Record extracts -

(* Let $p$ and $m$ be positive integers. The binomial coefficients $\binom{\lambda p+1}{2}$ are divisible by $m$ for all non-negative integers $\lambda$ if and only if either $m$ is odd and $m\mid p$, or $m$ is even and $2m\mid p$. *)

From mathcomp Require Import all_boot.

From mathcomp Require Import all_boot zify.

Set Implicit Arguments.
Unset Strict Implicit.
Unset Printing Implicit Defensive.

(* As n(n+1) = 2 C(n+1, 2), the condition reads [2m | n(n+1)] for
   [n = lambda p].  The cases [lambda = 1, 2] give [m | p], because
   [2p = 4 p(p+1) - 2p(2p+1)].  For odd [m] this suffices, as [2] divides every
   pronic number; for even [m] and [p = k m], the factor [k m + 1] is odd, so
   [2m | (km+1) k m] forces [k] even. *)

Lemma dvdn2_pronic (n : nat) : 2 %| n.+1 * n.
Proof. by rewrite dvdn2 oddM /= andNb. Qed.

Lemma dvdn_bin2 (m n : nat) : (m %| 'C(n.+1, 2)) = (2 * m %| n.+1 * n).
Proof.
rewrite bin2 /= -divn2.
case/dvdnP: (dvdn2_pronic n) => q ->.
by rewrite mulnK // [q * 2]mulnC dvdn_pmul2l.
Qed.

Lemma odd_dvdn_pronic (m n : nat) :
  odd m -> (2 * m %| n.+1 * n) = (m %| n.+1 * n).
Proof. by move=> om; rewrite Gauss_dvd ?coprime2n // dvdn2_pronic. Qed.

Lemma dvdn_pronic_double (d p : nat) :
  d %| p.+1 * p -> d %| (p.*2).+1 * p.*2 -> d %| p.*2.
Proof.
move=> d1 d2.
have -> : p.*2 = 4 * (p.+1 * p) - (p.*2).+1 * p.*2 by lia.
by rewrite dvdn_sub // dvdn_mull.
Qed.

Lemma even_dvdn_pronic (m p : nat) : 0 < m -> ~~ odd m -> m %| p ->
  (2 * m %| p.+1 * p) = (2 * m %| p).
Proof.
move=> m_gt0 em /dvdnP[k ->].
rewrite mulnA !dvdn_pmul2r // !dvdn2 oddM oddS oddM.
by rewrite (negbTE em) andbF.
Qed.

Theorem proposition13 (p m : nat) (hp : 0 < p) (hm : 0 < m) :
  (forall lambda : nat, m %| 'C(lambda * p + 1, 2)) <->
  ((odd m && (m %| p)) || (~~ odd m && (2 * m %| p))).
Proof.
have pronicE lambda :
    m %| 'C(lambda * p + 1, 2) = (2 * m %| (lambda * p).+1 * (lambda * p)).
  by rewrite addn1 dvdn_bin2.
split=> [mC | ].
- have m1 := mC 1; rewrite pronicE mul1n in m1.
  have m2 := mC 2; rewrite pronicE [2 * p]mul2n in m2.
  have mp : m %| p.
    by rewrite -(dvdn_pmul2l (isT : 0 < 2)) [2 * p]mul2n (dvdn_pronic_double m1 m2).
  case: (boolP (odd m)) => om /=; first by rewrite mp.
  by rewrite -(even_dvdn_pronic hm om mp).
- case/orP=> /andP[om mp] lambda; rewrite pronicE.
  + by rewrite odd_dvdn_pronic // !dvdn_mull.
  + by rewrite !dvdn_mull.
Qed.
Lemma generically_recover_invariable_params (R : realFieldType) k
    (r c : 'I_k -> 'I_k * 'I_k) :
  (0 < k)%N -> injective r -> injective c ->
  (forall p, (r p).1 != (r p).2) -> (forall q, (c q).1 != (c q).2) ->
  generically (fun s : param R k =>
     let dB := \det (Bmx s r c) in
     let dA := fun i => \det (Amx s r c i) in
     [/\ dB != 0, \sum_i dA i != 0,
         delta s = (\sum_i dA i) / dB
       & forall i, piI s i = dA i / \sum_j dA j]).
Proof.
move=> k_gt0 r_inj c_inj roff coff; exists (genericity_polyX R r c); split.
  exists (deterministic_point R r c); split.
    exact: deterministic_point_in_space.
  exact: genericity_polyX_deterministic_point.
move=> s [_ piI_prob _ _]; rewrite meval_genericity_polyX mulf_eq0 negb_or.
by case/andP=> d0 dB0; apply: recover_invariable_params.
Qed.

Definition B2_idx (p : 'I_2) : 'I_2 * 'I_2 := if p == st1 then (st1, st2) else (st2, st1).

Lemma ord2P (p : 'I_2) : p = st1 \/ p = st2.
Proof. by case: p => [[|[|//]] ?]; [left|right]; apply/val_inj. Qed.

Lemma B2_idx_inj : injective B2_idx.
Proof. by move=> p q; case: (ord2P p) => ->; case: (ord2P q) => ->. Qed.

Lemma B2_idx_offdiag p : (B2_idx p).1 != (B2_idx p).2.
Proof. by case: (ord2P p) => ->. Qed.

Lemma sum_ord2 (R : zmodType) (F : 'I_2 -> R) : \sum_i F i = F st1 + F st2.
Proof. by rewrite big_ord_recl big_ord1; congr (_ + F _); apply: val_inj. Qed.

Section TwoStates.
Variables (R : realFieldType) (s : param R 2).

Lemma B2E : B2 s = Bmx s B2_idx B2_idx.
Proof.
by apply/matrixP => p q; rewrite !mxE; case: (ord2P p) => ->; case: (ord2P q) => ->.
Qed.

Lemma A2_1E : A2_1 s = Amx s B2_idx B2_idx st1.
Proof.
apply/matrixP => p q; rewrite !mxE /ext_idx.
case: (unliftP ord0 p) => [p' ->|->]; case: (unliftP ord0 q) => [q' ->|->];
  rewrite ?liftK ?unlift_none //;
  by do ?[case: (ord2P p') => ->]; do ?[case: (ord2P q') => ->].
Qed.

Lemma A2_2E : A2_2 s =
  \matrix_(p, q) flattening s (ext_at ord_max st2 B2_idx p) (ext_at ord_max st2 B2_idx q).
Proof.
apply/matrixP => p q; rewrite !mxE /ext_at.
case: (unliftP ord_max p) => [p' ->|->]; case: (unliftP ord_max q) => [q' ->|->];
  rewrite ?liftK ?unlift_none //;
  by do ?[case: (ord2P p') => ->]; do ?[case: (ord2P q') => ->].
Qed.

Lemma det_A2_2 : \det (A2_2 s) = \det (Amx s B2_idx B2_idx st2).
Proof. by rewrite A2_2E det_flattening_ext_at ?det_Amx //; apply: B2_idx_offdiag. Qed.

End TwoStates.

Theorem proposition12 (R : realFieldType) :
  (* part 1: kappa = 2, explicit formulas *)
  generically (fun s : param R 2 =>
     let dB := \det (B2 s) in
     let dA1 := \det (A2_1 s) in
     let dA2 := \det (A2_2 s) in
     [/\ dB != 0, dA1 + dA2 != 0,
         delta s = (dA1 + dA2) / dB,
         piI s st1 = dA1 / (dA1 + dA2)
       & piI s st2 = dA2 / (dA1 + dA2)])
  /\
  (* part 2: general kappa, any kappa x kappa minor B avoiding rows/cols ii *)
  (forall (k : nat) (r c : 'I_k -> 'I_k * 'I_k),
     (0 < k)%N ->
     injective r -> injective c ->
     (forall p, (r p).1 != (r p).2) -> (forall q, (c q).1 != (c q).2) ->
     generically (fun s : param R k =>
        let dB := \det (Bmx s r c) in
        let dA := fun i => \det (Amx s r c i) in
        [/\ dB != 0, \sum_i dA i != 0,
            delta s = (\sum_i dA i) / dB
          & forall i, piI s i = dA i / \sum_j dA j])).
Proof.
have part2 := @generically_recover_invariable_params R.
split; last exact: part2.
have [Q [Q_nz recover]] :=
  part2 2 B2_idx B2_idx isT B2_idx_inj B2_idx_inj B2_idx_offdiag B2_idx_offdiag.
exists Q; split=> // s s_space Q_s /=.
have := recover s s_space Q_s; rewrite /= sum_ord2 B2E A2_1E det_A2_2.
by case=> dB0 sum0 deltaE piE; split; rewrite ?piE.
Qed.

The task - Go through the records and report each line that contains "Require".

Completed task -
From mathcomp Require Import all_boot.
From mathcomp Require Import all_boot zify.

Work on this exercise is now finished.